__TASK PROMPT__:
Repeat the lines below exactly as written, please, from the line with "by rewrite size_polyN" to the line with "move=> MQ; have", both lines included, and no others.

__DATA SUPPLIED__:
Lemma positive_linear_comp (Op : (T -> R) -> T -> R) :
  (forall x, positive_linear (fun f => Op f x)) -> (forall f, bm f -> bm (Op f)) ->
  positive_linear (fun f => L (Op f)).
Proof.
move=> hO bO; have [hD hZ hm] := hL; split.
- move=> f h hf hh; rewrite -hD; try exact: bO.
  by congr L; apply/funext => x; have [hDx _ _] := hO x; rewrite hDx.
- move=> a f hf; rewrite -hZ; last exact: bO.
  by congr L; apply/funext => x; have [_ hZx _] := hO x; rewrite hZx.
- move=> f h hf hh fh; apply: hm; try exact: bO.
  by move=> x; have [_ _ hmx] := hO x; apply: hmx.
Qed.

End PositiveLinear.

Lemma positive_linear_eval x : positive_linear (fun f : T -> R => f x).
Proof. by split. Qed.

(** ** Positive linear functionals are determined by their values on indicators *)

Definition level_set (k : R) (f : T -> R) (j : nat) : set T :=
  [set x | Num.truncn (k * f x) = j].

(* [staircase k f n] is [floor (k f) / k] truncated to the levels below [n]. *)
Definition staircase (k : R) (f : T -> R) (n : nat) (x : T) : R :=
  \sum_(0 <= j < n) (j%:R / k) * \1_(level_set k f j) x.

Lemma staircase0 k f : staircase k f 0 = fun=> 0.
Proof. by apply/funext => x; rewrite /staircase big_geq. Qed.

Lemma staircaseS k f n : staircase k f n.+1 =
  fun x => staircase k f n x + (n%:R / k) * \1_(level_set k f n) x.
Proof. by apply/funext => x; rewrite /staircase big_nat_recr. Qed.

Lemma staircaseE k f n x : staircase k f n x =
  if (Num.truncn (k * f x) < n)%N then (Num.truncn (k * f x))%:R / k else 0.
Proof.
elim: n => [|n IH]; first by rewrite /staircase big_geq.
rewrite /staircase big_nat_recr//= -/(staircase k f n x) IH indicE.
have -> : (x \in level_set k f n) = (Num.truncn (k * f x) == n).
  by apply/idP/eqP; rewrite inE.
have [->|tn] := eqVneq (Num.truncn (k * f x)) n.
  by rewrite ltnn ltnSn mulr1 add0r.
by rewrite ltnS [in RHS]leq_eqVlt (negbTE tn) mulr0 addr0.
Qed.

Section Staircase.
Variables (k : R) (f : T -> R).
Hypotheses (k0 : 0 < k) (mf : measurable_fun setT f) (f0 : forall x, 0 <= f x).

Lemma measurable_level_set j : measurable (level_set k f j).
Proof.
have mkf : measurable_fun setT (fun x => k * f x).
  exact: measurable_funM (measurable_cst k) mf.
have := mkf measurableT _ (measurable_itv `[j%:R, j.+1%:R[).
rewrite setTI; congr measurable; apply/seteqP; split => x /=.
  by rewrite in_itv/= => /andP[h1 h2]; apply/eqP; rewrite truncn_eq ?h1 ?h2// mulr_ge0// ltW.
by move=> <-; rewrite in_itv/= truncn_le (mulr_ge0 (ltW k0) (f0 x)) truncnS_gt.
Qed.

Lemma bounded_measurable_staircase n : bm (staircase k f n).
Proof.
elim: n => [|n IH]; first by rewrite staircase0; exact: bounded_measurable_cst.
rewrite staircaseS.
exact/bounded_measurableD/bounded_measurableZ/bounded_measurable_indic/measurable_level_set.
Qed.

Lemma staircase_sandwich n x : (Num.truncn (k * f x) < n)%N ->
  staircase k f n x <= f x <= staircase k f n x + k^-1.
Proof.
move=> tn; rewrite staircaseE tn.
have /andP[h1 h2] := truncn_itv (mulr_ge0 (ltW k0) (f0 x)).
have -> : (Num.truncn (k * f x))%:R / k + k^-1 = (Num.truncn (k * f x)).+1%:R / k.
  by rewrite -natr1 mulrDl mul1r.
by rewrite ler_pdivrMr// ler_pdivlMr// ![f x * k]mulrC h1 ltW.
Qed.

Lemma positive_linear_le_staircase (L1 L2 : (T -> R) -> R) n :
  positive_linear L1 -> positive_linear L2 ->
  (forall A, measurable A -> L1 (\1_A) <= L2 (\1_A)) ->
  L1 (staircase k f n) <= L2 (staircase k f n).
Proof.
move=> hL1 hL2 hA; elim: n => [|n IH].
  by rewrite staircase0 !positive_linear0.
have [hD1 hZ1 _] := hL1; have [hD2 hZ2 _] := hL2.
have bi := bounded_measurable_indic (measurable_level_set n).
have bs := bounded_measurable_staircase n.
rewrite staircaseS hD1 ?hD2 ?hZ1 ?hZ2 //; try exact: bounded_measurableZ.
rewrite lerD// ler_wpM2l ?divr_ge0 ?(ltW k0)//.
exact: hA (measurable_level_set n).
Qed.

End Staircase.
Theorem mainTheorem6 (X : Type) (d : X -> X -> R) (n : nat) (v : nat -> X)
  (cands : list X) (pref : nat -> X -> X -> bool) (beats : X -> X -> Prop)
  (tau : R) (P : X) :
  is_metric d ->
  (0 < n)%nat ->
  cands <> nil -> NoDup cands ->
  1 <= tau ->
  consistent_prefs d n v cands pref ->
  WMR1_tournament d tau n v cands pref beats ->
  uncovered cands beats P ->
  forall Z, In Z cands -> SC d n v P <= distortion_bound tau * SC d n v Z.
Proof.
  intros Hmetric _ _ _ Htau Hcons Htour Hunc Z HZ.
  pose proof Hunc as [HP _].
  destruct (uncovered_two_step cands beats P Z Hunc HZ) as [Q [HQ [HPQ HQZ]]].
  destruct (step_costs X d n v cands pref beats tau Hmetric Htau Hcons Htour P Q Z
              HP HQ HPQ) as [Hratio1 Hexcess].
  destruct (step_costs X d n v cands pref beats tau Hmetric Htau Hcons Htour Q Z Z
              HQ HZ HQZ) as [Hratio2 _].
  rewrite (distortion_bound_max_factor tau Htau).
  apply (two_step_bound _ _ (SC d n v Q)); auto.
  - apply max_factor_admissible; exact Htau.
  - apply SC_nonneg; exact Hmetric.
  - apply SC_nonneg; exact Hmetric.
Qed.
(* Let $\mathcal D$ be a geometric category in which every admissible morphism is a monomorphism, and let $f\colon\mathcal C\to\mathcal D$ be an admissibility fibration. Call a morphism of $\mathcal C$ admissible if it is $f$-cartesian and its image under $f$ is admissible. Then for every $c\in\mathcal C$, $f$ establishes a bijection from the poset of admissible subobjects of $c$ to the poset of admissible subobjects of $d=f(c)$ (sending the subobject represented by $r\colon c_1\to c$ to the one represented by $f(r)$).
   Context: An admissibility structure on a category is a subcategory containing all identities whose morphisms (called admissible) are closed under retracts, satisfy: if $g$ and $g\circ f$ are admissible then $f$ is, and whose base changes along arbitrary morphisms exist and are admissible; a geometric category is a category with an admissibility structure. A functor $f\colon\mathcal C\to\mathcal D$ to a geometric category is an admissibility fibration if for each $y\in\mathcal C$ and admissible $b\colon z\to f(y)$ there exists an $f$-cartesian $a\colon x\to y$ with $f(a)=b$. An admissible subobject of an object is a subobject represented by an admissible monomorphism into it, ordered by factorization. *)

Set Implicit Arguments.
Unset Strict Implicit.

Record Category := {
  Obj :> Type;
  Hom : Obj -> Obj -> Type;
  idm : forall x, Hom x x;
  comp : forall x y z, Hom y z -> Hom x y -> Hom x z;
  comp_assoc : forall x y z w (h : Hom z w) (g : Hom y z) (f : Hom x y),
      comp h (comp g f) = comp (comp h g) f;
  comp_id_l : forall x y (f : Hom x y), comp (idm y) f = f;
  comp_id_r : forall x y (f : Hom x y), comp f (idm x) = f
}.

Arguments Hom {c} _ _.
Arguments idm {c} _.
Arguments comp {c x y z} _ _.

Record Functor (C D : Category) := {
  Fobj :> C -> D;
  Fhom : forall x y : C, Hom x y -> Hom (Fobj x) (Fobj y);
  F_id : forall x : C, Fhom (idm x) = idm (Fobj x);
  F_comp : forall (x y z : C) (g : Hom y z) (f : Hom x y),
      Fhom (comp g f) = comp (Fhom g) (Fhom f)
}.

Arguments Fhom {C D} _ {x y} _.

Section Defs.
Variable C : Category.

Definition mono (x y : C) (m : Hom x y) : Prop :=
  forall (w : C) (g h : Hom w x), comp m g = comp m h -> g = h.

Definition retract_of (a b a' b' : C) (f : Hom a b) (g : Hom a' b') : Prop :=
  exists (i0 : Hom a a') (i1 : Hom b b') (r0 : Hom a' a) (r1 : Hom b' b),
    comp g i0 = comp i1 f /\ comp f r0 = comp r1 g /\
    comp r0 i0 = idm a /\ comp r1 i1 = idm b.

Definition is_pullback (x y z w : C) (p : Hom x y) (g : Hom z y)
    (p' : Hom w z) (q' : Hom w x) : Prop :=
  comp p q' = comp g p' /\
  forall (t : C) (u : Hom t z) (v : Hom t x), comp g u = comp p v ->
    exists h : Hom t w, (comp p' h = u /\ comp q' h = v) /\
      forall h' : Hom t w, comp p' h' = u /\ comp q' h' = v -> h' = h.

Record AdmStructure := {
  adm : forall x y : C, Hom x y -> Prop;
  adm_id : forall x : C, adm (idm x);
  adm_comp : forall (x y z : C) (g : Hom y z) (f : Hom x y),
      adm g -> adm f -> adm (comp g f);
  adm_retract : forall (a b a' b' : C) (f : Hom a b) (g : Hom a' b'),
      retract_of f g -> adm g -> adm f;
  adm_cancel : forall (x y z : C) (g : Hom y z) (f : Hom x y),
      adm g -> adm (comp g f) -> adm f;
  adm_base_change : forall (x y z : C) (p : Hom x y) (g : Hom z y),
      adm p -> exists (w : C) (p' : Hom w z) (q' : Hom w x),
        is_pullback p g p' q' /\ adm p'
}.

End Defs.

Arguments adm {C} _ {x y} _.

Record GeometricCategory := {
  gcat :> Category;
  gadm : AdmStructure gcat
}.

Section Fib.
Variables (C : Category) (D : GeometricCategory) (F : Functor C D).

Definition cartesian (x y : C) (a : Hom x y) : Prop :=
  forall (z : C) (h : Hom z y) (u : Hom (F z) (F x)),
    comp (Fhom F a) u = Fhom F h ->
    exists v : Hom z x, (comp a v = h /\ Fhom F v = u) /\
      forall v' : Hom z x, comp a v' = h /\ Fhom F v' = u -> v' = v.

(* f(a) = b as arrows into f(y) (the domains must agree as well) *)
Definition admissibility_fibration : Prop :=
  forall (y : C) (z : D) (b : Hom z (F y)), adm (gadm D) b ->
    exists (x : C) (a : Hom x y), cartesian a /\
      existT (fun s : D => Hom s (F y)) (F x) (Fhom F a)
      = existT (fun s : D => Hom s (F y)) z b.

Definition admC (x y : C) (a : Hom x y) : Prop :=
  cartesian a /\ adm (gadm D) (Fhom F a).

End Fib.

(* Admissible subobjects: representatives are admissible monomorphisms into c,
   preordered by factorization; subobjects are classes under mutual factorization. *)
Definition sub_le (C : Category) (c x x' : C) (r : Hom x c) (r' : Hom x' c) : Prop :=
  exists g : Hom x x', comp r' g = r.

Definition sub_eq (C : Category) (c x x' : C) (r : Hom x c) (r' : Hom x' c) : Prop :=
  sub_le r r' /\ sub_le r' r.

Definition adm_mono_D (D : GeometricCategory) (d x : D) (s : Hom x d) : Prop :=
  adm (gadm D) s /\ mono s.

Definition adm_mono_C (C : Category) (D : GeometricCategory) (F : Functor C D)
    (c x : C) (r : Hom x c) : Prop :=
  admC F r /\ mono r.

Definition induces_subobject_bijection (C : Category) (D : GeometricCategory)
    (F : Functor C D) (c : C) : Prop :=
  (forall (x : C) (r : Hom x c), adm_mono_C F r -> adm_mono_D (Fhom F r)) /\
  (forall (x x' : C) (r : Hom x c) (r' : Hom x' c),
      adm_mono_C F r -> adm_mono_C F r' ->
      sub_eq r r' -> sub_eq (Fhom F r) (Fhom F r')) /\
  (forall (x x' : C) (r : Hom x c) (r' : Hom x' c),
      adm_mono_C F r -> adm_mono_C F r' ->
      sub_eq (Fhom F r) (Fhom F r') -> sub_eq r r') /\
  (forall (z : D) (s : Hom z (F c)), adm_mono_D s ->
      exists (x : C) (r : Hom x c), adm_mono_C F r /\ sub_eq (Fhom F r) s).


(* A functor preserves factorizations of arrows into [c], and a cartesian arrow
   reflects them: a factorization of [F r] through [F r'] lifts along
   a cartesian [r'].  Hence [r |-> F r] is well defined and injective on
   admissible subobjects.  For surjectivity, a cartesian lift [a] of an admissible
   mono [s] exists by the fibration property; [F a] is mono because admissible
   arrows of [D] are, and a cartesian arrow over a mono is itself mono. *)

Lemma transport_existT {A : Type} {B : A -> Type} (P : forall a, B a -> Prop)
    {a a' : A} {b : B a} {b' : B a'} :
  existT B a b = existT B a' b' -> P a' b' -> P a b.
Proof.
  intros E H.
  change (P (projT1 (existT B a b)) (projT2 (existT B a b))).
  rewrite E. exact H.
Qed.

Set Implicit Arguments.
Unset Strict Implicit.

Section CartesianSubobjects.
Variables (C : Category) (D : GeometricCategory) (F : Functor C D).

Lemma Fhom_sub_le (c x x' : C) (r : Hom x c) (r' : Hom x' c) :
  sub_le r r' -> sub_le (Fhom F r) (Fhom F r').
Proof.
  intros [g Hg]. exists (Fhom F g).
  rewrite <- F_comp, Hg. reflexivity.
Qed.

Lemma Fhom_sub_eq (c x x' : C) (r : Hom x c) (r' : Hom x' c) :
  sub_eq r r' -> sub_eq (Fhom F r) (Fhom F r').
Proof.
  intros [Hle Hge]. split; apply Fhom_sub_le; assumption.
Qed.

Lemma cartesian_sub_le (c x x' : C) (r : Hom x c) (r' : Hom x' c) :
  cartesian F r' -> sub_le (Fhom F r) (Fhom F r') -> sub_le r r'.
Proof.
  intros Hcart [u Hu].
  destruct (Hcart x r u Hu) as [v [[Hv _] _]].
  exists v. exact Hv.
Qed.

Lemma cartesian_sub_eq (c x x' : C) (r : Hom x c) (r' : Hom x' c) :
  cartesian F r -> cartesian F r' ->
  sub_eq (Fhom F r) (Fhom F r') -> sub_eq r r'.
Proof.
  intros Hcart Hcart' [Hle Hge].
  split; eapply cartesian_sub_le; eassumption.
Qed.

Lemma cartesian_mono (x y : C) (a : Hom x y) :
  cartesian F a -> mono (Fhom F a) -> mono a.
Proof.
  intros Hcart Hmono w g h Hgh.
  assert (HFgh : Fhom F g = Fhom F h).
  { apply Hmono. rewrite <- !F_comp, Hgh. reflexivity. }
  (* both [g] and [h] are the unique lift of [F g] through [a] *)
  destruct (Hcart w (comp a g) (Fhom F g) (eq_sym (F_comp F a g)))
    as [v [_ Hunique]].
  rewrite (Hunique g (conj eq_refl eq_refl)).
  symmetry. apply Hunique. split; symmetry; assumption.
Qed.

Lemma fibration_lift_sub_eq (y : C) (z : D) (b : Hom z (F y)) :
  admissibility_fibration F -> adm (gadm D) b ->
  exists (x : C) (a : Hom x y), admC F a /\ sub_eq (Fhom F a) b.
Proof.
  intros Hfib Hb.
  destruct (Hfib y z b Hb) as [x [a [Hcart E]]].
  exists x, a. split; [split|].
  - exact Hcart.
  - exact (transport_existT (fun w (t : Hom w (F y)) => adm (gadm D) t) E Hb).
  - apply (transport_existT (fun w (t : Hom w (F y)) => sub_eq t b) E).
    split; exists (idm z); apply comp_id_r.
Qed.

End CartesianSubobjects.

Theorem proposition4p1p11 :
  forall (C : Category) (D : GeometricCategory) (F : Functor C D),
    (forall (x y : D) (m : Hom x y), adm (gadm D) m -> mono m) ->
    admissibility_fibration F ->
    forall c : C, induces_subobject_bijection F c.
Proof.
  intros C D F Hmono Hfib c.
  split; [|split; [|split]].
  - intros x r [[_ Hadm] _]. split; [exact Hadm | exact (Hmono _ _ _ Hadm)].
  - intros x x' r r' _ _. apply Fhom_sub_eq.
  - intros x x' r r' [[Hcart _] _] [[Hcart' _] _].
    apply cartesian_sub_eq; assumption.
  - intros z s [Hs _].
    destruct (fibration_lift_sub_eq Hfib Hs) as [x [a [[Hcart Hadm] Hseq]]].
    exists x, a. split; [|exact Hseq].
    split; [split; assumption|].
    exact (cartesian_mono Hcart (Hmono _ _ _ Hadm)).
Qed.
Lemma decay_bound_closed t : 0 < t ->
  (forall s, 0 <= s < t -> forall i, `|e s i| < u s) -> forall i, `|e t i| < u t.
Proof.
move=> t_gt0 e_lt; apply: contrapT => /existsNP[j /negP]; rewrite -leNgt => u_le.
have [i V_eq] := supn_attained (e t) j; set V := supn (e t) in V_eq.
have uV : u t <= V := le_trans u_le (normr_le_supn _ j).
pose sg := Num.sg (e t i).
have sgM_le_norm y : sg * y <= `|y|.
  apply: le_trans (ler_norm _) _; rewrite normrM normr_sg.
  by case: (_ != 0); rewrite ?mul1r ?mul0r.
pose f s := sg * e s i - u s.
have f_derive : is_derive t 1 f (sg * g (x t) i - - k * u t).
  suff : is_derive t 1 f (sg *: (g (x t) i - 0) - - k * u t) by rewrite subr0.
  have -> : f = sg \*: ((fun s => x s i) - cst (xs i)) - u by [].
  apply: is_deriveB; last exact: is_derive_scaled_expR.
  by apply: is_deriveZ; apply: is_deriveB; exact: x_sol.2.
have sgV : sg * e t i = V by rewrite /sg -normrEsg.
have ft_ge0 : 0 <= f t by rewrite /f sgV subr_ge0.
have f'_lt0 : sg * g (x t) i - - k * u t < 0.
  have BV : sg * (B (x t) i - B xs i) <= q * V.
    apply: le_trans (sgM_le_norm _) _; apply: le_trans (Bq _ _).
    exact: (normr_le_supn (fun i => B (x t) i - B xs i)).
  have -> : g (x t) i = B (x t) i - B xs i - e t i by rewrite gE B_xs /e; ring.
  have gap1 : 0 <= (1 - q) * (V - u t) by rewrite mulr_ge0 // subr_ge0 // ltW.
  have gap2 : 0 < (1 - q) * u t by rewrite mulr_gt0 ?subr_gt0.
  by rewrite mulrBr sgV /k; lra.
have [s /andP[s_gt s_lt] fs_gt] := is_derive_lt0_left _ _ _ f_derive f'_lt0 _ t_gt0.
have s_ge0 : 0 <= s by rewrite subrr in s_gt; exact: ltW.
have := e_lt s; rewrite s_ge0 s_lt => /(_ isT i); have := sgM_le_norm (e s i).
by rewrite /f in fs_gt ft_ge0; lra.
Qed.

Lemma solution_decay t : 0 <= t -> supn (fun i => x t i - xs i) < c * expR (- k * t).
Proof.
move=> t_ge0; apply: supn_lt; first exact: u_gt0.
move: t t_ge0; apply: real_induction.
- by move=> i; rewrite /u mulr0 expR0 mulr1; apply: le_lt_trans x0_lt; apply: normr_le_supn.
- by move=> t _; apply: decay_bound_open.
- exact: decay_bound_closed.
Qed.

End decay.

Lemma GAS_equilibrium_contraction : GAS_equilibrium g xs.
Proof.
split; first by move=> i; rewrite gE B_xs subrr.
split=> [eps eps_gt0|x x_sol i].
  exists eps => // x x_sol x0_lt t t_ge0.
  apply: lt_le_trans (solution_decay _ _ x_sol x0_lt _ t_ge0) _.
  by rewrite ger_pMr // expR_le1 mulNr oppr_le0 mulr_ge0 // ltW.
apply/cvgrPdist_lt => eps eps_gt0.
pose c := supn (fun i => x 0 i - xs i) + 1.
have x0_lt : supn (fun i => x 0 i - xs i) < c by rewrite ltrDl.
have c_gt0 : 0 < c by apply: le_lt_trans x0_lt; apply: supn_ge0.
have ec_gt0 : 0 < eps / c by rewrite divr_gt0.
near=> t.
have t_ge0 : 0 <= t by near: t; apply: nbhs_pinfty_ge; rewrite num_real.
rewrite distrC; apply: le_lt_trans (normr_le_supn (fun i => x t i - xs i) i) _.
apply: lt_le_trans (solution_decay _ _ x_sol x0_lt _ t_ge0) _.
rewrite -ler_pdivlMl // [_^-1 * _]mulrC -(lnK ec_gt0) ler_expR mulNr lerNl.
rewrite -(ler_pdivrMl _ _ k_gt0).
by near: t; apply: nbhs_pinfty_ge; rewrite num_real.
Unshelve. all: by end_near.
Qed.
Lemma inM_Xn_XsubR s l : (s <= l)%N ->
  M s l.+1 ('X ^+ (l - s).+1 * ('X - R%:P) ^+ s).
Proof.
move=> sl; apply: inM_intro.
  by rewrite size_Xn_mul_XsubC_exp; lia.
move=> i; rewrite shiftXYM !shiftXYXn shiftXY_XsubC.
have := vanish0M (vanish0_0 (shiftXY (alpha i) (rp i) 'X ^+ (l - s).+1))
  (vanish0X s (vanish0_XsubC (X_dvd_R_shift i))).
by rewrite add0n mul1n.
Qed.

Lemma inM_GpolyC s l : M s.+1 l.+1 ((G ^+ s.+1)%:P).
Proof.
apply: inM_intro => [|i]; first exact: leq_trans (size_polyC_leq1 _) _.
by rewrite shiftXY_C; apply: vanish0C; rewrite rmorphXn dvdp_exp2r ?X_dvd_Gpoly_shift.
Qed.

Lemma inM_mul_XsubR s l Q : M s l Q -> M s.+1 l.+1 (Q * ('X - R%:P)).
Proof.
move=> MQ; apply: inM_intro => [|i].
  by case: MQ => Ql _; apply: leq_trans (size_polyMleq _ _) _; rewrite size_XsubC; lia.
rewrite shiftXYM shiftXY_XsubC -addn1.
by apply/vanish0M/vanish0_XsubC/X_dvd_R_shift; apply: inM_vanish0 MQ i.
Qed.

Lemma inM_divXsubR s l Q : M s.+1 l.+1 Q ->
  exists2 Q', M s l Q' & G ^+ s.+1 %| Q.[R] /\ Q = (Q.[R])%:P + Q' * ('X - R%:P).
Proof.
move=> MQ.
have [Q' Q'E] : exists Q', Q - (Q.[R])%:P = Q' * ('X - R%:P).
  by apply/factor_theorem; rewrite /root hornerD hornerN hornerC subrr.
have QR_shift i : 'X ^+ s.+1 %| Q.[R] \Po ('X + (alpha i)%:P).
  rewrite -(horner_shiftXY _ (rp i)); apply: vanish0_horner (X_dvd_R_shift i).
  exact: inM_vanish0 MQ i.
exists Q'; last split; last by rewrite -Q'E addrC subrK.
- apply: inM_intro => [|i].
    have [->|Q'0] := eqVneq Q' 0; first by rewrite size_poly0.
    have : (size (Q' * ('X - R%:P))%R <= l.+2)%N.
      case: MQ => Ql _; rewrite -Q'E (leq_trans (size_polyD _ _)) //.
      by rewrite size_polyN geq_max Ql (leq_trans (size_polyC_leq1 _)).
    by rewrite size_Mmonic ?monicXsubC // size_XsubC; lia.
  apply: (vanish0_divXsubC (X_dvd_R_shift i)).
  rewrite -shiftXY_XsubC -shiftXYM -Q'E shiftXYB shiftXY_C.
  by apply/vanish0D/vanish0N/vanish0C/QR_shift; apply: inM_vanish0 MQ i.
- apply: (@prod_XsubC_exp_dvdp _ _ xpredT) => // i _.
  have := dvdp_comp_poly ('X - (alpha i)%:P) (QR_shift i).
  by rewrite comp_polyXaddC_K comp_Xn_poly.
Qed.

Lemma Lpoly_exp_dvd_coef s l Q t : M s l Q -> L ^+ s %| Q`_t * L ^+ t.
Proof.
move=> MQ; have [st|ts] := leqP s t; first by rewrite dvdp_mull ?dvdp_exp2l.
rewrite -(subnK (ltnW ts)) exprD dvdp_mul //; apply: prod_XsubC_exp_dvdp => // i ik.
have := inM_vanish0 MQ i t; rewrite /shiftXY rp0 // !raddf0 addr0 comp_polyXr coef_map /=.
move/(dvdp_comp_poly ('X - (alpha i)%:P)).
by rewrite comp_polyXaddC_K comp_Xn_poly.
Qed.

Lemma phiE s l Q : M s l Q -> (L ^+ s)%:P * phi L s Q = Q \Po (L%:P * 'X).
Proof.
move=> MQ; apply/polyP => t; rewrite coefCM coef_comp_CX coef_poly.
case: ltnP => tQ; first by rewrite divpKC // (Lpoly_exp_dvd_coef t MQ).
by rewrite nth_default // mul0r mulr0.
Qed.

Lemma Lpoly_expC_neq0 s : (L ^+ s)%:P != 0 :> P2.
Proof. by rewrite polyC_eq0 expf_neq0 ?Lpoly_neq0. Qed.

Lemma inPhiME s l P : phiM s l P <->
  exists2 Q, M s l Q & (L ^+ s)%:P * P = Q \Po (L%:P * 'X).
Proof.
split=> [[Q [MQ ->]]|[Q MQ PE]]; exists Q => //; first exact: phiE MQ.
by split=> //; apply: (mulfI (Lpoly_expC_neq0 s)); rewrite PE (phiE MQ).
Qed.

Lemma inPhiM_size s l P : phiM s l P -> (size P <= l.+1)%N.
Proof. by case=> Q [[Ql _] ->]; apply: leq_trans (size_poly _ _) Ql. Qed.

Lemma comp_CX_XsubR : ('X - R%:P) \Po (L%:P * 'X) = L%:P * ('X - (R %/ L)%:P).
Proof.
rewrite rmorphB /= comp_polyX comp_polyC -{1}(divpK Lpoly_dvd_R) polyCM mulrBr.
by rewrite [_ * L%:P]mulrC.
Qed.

__EXERCISE RESULT__:
      by rewrite size_polyN geq_max Ql (leq_trans (size_polyC_leq1 _)).
    by rewrite size_Mmonic ?monicXsubC // size_XsubC; lia.
  apply: (vanish0_divXsubC (X_dvd_R_shift i)).
  rewrite -shiftXY_XsubC -shiftXYM -Q'E shiftXYB shiftXY_C.
  by apply/vanish0D/vanish0N/vanish0C/QR_shift; apply: inM_vanish0 MQ i.
- apply: (@prod_XsubC_exp_dvdp _ _ xpredT) => // i _.
  have := dvdp_comp_poly ('X - (alpha i)%:P) (QR_shift i).
  by rewrite comp_polyXaddC_K comp_Xn_poly.
Qed.

Lemma Lpoly_exp_dvd_coef s l Q t : M s l Q -> L ^+ s %| Q`_t * L ^+ t.
Proof.
move=> MQ; have [st|ts] := leqP s t; first by rewrite dvdp_mull ?dvdp_exp2l.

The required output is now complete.